3. Executive's compensation and benefits under this Agreement
shall be as follows:
(a) Base Salary. Company shall pay Executive a base salary
("Base Salary") at a rate of no less than $250,000 per year.
Executive's Base Salary shall be paid in installments in accordance with
Company's normal payment schedule for its senior management. All
payments shall be subject to the deduction of payroll taxes and similar
assessments as required by law.
(b) Initial Stock Award. As soon as practicable after April
1, 1997, Company shall issue Executive 2,500 shares of Company stock as
an initial bonus; provided, however, Executive may cause Company to
withhold some shares of the Company stock to satisfy Executive's and
Company's tax-withholding obligations.
(c) Bonus. In addition to the Base Salary, Executive shall
be eligible, as long as he holds the position stated in paragraph 1, for
a yearly cash bonus of up to 50% of Base Salary based upon his
performance in accordance with specific annual objectives, set in
advance, all as approved by the Board of Directors.
(d) Incentive Compensation. Executive shall be and hereby is
granted a non-qualified option as of April 1, 1997, ("Option") to
purchase thirty-five thousand (35,000) shares of Company common stock at
an option price equal to the closing price of the stock on April 1,
1997, as reported in the Wall Street Journal. The Option is granted
pursuant to Company's 1994 Long-Term Incentive Plan ("1994 LTIP"), and
shall be subject to the terms and conditions thereof. The Option shall
be exercisable on or after April 1, 1997, (the "Grant Date") to the
extent of 20% of the shares covered thereby; exercisable to the extent
of an additional 20% of the shares covered thereby on and after the
first anniversary of the Grant Date; exercisable to the extent of an
additional 20% of the shares covered thereby on and after the second
anniversary of the Grant Date; exercisable to the extent of an
additional 20% of the shares covered thereby on an after the third
anniversary of the Grant Date; and exercisable to the extent of any
remaining shares on and after the fourth anniversary of the Grant Date;
provided, however, that no portion of the Option shall be exercisable
any earlier than six months from the Grant Date. The Option may be
exercised (as provided in the 1994 LTIP) up to ten (10) years from the
Grant Date. Any portion of the Option not exercised within said ten
(10) year period shall expire.
(e) Effect of Change of Control on Options. In the event of
a Change of Control (as defined in the Company's 1994 Long-Term
Incentive Plan), any Options granted to Executive prior to such Change
of Control shall immediately vest.
(f) Additional Stock Compensation. As compensation for his
services, Company shall issue 2,500 shares of Company stock to Executive
as soon as practicable after each of the first three anniversary dates
of Executive's first date of employment with Company (for a total of
7,500 shares), provided that Executive remains employed by Company on
such dates.
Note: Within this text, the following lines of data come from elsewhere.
Lemma map_lconj_cons_red k x w :
  map (lconj k) (cons_red x w) = cons_red (lconj k x) (map (lconj k) w).
Proof.
case: w => //= y w; case: dec => [eq_y | ne_y]; case: dec => [eq_ky | ne_ky] //=.
  by subst y; case: (ne_ky (lconj_linv k x)).
by case: ne_y; apply: (lconj_inj (k := k)); rewrite lconj_linv.
Qed.

Lemma map_lconj_fmul k u v : map (lconj k) (fmul u v) = fmul (map (lconj k) u) (map (lconj k) v).
Proof. by elim: u => //= x u IHu; rewrite map_lconj_cons_red IHu. Qed.

Lemma map_lconj_reduced k w : reduced w -> reduced (map (lconj k) w).
Proof.
elim: w => //= x [|y w] IHw //= [ne_y red_w]; split; last exact: IHw.
by rewrite -lconj_linv => /(lconj_inj (k := k)).
Qed.


Lemma freduce_map_lconj k w : freduce (map (lconj k) w) = map (lconj k) (freduce w).
Proof. by rewrite /freduce map_lconj_fmul. Qed.

End FreeProduct.

Section FreeProductGroup.
Variables (T J : Type) (G : group_on T).
Local Notation "x * y" := (gmul G x y).
Local Notation letter := ((T * J) * bool)%type.
Local Notation lconj := (lconj G).

Definition fp_elt : Type := {p : seq letter * T | reduced p.1}.

Definition fp_mk (w : seq letter) (k : T) : fp_elt := exist _ (freduce w, k) (freduce_reduced w).
Definition fp_word (p : fp_elt) : seq letter := (proj1_sig p).1.
Definition fp_base (p : fp_elt) : T := (proj1_sig p).2.

Lemma fp_word_reduced p : reduced (fp_word p).
Proof. exact: proj2_sig p. Qed.

Lemma fp_word_mk w k : fp_word (fp_mk w k) = freduce w.
Proof. by []. Qed.


Lemma fp_eta p : p = fp_mk (fp_word p) (fp_base p).
Proof. by apply: sig_inj; case: p => [[w k] red_w] /=; rewrite freduce_id. Qed.

Lemma fp_mk_eq w k w' k' : freduce w = freduce w' -> k = k' -> fp_mk w k = fp_mk w' k'.
Proof. by move=> eq_w eq_k; apply: sig_inj; rewrite /= eq_w eq_k. Qed.

Definition fp_mul (p q : fp_elt) : fp_elt :=
  fp_mk (fmul (fp_word p) (map (lconj (fp_base p)) (fp_word q))) (fp_base p * fp_base q).
Definition fp_one : fp_elt := fp_mk [::] (gone G).
Definition fp_inv (p : fp_elt) : fp_elt :=
  fp_mk (map (lconj (ginv G (fp_base p))) (finv (fp_word p))) (ginv G (fp_base p)).

Lemma fp_mul_mk w k w' k' :
  fp_mul (fp_mk w k) (fp_mk w' k') = fp_mk (w ++ map (lconj k) w') (k * k').
Proof.
apply: fp_mk_eq => //; rewrite /fp_mul /fp_word /fp_base /=.
rewrite freduce_id; last by apply: fmul_reduced; apply: map_lconj_reduced; apply: freduce_reduced.
rewrite freduce_cat fmul_freduce; last by apply: map_lconj_reduced; apply: freduce_reduced.
by rewrite freduce_map_lconj.
Qed.

Lemma fp_inv_mk w k : fp_inv (fp_mk w k) = fp_mk (map (lconj (ginv G k)) (finv w)) (ginv G k).
Proof.
apply: fp_mk_eq => //; rewrite /fp_inv /fp_word /fp_base /= !freduce_map_lconj.
by rewrite /freduce fmul_finv_freduce.
Qed.

Lemma fp_mulA p q r : fp_mul p (fp_mul q r) = fp_mul (fp_mul p q) r.
Proof.
rewrite (fp_eta p) (fp_eta q) (fp_eta r) !fp_mul_mk.
by apply: fp_mk_eq; rewrite ?gmulA // map_cat -map_lconjM catA.
Qed.

Lemma fp_mul1 p : fp_mul fp_one p = p.
Proof. by rewrite /fp_one (fp_eta p) fp_mul_mk map_lconj1 gmul1. Qed.

Lemma fp_mulV p : fp_mul (fp_inv p) p = fp_one.
Proof.
rewrite (fp_eta p) fp_inv_mk fp_mul_mk gmulV; apply: fp_mk_eq => //.
rewrite -map_cat freduce_map_lconj freduce_cat freduce_id ?fmulVw //; exact: fp_word_reduced.
Qed.

Definition fp_group : group_on fp_elt := GroupOn fp_mulA fp_mul1 fp_mulV.

Definition fp_in (g : T) : fp_elt := fp_mk [::] g.
Definition fp_gen (j : J) : fp_elt := fp_mk [:: ((gone G, j), true)] (gone G).

Lemma fp_in_hom : is_hom G fp_group fp_in.
Proof. by move=> x y; rewrite /= fp_mul_mk. Qed.

Lemma fp_in_inj : injective fp_in.
Proof. by move=> x y /(congr1 fp_base). Qed.

Lemma fp_mk_letter h j b :
  fp_mk [:: ((h, j), b)] (gone G) =
  let c := gconj fp_group (fp_in h) (fp_gen j) in
  if b then c else ginv fp_group c.
Proof.
rewrite /= /fp_in /fp_gen fp_inv_mk !fp_mul_mk !gmul1r gmulVr.
case: b; rewrite ?fp_inv_mk ?ginv1; apply: fp_mk_eq; rewrite //= /lconj /= ?gmul1r ?ginv1 ?gmul1 //.
Qed.

Lemma fp_group_generated :
  generated_by fp_group (fun p => (exists g, p = fp_in g) \/ (exists j, p = fp_gen j)).
Proof.
move=> S [S1 [SM SV]] Sgen.
have S_in g : S (fp_in g) by apply: (Sgen); left; exists g.
have S_word w : S (fp_mk w (gone G)).
  elim: w => [|[[h j] b] w IHw]; first exact: S_in.
  have -> : fp_mk (((h, j), b) :: w) (gone G) =
            gmul fp_group (fp_mk [:: ((h, j), b)] (gone G)) (fp_mk w (gone G)).
    by rewrite /= fp_mul_mk map_lconj1 gmul1.
  apply: (SM) => //; rewrite fp_mk_letter.
  have S_c : S (gconj fp_group (fp_in h) (fp_gen j)).
    by apply: (SM); [apply: (SM) | apply: (SV)]; rewrite // ; apply: (Sgen); right; exists j.
  by case: b => //; apply: (SV).
move=> p; rewrite (fp_eta p).
have -> : fp_mk (fp_word p) (fp_base p) =
          gmul fp_group (fp_mk (fp_word p) (gone G)) (fp_in (fp_base p)).
  by rewrite /= fp_mul_mk cats0 gmul1.
exact: (SM).
Qed.

Lemma fp_hom_ext (V : Type) (M : group_on V) (f1 f2 : fp_elt -> V) :
  is_hom fp_group M f1 -> is_hom fp_group M f2 ->
  (forall g, f1 (fp_in g) = f2 (fp_in g)) -> (forall j, f1 (fp_gen j) = f2 (fp_gen j)) ->
  forall p, f1 p = f2 p.
Proof.
move=> f1_hom f2_hom eq_in eq_gen; apply: fp_group_generated (hom_eq_subgroup f1_hom f2_hom) _.
by move=> _ [[g ->] | [j ->]].
Qed.

Section Lift.
Variables (V : Type) (M : group_on V) (alpha : T -> V) (m : J -> V).
Hypothesis alpha_hom : is_hom G M alpha.
Local Notation "x ** y" := (gmul M x y) (at level 40, left associativity).
Local Notation iM := (ginv M).

Definition eval_letter (x : letter) : V :=
  let e := gconj M (alpha x.1.1) (m x.1.2) in if x.2 then e else iM e.

Definition eval_word (w : seq letter) : V := foldr (fun x v => eval_letter x ** v) (gone M) w.

Lemma eval_letter_linv x : eval_letter (linv x) = iM (eval_letter x).
Proof. by case: x => [[h j] []]; rewrite /eval_letter /= ?ginvK. Qed.

Lemma eval_word_cons_red x w : eval_word (cons_red x w) = eval_letter x ** eval_word w.
Proof.
case: w => //= y w; case: dec => //= eq_y.
by rewrite eq_y eval_letter_linv gmulA gmulVr gmul1.
Qed.

Lemma eval_word_cat u v : eval_word (u ++ v) = eval_word u ** eval_word v.
Proof. by elim: u => [|x u IHu] /=; rewrite ?gmul1 // IHu gmulA. Qed.

Lemma eval_word_freduce w : eval_word (freduce w) = eval_word w.
Proof.
rewrite /freduce; elim: w => //= x w IHw.
by rewrite eval_word_cons_red IHw.
Qed.

Lemma eval_letter_lconj k x : eval_letter (lconj k x) = gconj M (alpha k) (eval_letter x).
Proof. by case: x => [[h j] []]; rewrite /eval_letter /gconj /= alpha_hom; group_simpl. Qed.

Lemma eval_word_lconj k w : eval_word (map (lconj k) w) = gconj M (alpha k) (eval_word w).
Proof.
elim: w => [|x w IHw] /=; first by rewrite /gconj gmul1r gmulVr.
by rewrite IHw eval_letter_lconj /gconj; group_simpl.
Qed.

Definition fp_lift (p : fp_elt) : V := eval_word (fp_word p) ** alpha (fp_base p).

Lemma fp_lift_mk w k : fp_lift (fp_mk w k) = eval_word w ** alpha k.
Proof. by rewrite /fp_lift /= eval_word_freduce. Qed.

Lemma fp_lift_hom : is_hom fp_group M fp_lift.
Proof.
move=> p q; rewrite (fp_eta p) (fp_eta q) /= fp_mul_mk !fp_lift_mk.
by rewrite eval_word_cat eval_word_lconj alpha_hom /gconj !gmulA gmulKVr.
Qed.

Lemma fp_lift_in g : fp_lift (fp_in g) = alpha g.
Proof. by rewrite fp_lift_mk gmul1. Qed.

Lemma fp_lift_gen j : fp_lift (fp_gen j) = m j.
Proof. by rewrite fp_lift_mk /= /eval_letter /gconj /= (hom1 alpha_hom) ginv1 !gmul1r gmul1. Qed.

End Lift.

Lemma fp_mul_mk1 w w' : fp_mul (fp_mk w (gone G)) (fp_mk w' (gone G)) = fp_mk (w ++ w') (gone G).
Proof. by rewrite fp_mul_mk map_lconj1 gmul1. Qed.

End FreeProductGroup.

Section Substitution.
Variables (T J J' : Type) (G : group_on T) (mw : J -> seq ((T * J') * bool)).

Definition subst_letter (x : (T * J) * bool) : seq ((T * J') * bool) :=
  let w := map (lconj G x.1.1) (mw x.1.2) in if x.2 then w else finv w.

Lemma fp_lift_subst ws k :
  fp_lift (fp_group J' G) (fp_in J') (fun j => fp_mk (mw j) (gone G)) (fp_mk ws k) =
  fp_mk (flatten (map subst_letter ws)) k.
Proof.
have eval_ws : eval_word (fp_group J' G) (fp_in J') (fun j => fp_mk (mw j) (gone G)) ws =
               fp_mk (flatten (map subst_letter ws)) (gone G).
  elim: ws => [|[[h j] b] ws IHws] //=; rewrite IHws /eval_letter /subst_letter /=.
  rewrite /fp_in /= !fp_mul_mk !gmul1r fp_inv_mk gmulVr cats0.
  by case: b; rewrite /= ?ginv1 ?map_lconj1 fp_mul_mk1.
by rewrite fp_lift_mk eval_ws /fp_in /= fp_mul_mk cats0 gmul1.
Qed.

End Substitution.

Section Cancellation.
Variables (T J : Type).
Local Notation letter := ((T * J) * bool)%type.

Lemma reduced_catl (u v : seq letter) : reduced (u ++ v) -> reduced u.
Proof.
elim: u => // x u IHu; case: u IHu => //= y u IHu [ne_y red_yu].
by split=> //; apply: IHu.
Qed.

Lemma reduced_rcons2 (u : seq letter) z x :
  reduced (rcons (rcons u z) x) <-> reduced (rcons u z) /\ x <> linv z.
Proof.
elim: u => [|a [|b u] IHu] /=; first by split=> [[]|[]].
  by split=> [[ne [ne' _]] | [[ne _] ne']].
move: IHu => /= ->.
by split=> [[ne [red_u ne']] | [[ne red_u] ne']].
Qed.

Lemma finv_reduced (u : seq letter) : reduced u -> reduced (finv u).
Proof.
elim: u => // x [|y u] IHu // [ne_y red_yu].
rewrite /finv /= !rev_cons reduced_rcons2 -rev_cons; split; first exact: IHu.
by rewrite (linvK y) => eq_x; apply: ne_y; rewrite -eq_x.
Qed.

Lemma reduced_all_pos (w : seq letter) : all (fun x => x.2) w -> reduced w.
Proof.
elim: w => // x [|y w] IHw //= /and3P [pos_x pos_y pos_w]; split.
  by move=> eq_y; move: pos_y; rewrite eq_y /linv /= pos_x.
by apply: IHw; rewrite /= pos_y.
Qed.

Fixpoint cancel_len (ru v : seq letter) : nat :=
  match ru, v with
  | x :: ru', y :: v' => if dec (y = linv x) then (cancel_len ru' v').+1 else 0
  | _, _ => 0
  end.

Lemma cancel_len_rcons (u : seq letter) x w :
  reduced (rcons u x) -> cancel_len (rev u) (x :: w) = 0.
Proof.
case/lastP: u => [|u z] //; rewrite rev_rcons /= reduced_rcons2 => -[_ ne_x].
by case: dec.
Qed.

Lemma fmul_cancel (u v : seq letter) : reduced u -> reduced v ->
  fmul u v = take (size u - cancel_len (rev u) v) u ++ drop (cancel_len (rev u) v) v.
Proof.
elim/last_ind: u v => [|u x IHu] v red_ux red_v; first by rewrite /= drop0.
have red_u : reduced u by apply: reduced_catl (x :: [::]) _; rewrite cats1.
rewrite rev_rcons -cats1 fmul_cat /= size_cat /= addn1.
case: v red_v => [|y v] red_v /=.
  by rewrite IHu // cancel_len_rcons // subn0 take_size take_oversize ?size_cat ?addn1 // cats0.
case: (dec (y = linv x)) => [eq_y | ne_y] /=.
  subst y; rewrite IHu //; last exact: reduced_cons red_v.
  by rewrite subSS takel_cat // leq_subr.
have red_xyv : reduced [:: x, y & v] by split.
by rewrite IHu // cancel_len_rcons // !subn0 take_size take_oversize ?size_cat ?addn1 // -catA.
Qed.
In the event that Executive's employment is terminated by
Company, 7,500 shares of stock, less any amounts already awarded under
this Section 3(f), shall be awarded to Executive as soon as practicable
after termination.
4. Insurance and Benefits. Company shall allow Executive to
participate in each employee benefit plan and to receive each executive
benefit that Company provides for senior executives at the level of
Executive's position, including the revised relocation package agreed to
by Executive and Company.
5. Term. The term of this Agreement shall be for three years,
provided, however, that Company may terminate this Agreement at any time
upon thirty (30) days' prior written notice (at which time this
Agreement shall terminate except for Section 9, which shall continue in
effect as set forth in Section 9). In the event of such termination by
Company, Executive shall be entitled to receive his Base Salary (at the
rate in effect at the time of termination) through the end of the term
of this Agreement. Such Base Salary shall be paid thereafter in regular
payroll installments.
In addition, this Agreement shall terminate upon the death of
Executive, except as to: (a) Executive's estate's right to exercise any
unexercised stock options pursuant to Company's stock option plan then
in effect, (b) other entitlements under this contract that expressly
survive death, and (c) any rights which Executive's estate or dependents
may have under COBRA or any other federal or state law or which are
derived independent of this Agreement by reason of his participation in
any plan maintained by Company.
6. Termination by Company for Cause. (a) Company shall have the
right to terminate Executive's employment under this Agreement for
cause, in which event no salary or bonus shall be paid after termination
for cause. Termination for cause shall be effective immediately upon
notice sent or given to Executive. For purposes of this Agreement, the
term "cause" shall mean and be strictly limited to: (i) conviction of
Executive, after all applicable rights of appeal have been exhausted or
waived, for any crime that materially discredits Company or is
materially detrimental to the reputation or goodwill of Company; (ii)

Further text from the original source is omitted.